Exercise requirements =
In the data below, find the line that contains "have hbE : 0 < beta * E by rewrite mulr_gt0." and the line that contains "have hp0 : p0". Copy both, plus every line between them, exactly.

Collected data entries
_ _ _

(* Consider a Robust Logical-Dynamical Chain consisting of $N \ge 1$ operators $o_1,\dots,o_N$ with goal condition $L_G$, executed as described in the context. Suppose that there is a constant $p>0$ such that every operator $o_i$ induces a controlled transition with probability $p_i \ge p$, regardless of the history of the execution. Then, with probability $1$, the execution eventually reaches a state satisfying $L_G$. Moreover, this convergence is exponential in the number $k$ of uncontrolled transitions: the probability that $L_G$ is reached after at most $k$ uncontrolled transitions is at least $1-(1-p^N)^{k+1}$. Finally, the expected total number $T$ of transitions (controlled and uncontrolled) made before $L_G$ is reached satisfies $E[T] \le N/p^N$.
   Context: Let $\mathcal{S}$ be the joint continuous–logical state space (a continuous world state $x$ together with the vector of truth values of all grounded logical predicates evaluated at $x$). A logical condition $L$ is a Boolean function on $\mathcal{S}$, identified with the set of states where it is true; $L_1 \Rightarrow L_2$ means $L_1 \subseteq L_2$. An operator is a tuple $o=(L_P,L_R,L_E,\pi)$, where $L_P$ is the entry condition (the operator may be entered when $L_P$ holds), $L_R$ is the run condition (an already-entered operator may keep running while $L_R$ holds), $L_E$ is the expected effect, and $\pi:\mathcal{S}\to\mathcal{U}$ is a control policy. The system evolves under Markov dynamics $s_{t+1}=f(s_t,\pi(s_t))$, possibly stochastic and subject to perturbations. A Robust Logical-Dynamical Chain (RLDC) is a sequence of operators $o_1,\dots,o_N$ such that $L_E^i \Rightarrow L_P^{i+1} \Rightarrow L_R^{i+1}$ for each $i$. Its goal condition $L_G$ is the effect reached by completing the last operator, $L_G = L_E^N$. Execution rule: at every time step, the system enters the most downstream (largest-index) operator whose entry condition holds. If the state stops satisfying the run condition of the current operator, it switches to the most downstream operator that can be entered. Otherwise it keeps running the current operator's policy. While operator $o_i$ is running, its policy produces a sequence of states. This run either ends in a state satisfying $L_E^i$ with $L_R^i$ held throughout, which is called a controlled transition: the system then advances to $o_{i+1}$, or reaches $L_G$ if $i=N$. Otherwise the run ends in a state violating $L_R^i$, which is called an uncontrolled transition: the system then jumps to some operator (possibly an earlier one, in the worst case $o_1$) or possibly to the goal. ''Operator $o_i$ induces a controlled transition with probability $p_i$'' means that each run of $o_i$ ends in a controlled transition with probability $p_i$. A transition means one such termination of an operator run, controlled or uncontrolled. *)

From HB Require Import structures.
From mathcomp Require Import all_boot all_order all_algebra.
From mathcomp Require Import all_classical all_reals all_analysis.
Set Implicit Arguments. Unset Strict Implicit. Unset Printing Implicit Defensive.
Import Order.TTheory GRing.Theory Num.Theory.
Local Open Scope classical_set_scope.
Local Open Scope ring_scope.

_ _ _

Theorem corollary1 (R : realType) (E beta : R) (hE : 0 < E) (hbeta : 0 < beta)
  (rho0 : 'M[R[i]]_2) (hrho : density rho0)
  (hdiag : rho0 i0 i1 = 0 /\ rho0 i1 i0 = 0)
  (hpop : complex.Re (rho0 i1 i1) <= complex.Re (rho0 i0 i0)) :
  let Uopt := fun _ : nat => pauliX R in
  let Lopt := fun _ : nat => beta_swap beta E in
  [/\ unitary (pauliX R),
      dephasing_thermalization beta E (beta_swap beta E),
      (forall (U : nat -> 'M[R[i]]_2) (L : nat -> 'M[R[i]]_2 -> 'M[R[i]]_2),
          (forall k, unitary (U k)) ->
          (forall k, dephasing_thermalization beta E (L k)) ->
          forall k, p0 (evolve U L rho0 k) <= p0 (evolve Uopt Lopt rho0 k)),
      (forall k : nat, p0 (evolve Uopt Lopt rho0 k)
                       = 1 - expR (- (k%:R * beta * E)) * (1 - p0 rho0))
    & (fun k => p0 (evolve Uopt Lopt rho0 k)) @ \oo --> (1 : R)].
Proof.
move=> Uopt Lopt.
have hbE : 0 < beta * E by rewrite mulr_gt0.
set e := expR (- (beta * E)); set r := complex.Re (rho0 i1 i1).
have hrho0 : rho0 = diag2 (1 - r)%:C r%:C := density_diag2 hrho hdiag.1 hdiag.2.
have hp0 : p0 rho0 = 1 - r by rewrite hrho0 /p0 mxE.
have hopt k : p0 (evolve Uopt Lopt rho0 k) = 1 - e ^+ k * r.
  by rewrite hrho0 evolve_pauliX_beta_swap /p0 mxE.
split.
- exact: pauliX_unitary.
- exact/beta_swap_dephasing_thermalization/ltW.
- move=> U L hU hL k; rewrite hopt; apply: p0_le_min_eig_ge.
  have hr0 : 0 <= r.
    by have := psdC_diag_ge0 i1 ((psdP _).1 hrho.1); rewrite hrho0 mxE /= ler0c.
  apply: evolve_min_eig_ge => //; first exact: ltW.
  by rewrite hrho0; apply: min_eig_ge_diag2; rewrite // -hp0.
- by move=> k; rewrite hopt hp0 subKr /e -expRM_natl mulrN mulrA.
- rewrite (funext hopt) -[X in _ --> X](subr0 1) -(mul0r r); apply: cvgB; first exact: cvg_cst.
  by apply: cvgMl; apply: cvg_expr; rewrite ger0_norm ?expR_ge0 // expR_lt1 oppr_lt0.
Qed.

_ _ _

Exercise result =
have hbE : 0 < beta * E by rewrite mulr_gt0.
set e := expR (- (beta * E)); set r := complex.Re (rho0 i1 i1).
have hrho0 : rho0 = diag2 (1 - r)%:C r%:C := density_diag2 hrho hdiag.1 hdiag.2.
have hp0 : p0 rho0 = 1 - r by rewrite hrho0 /p0 mxE.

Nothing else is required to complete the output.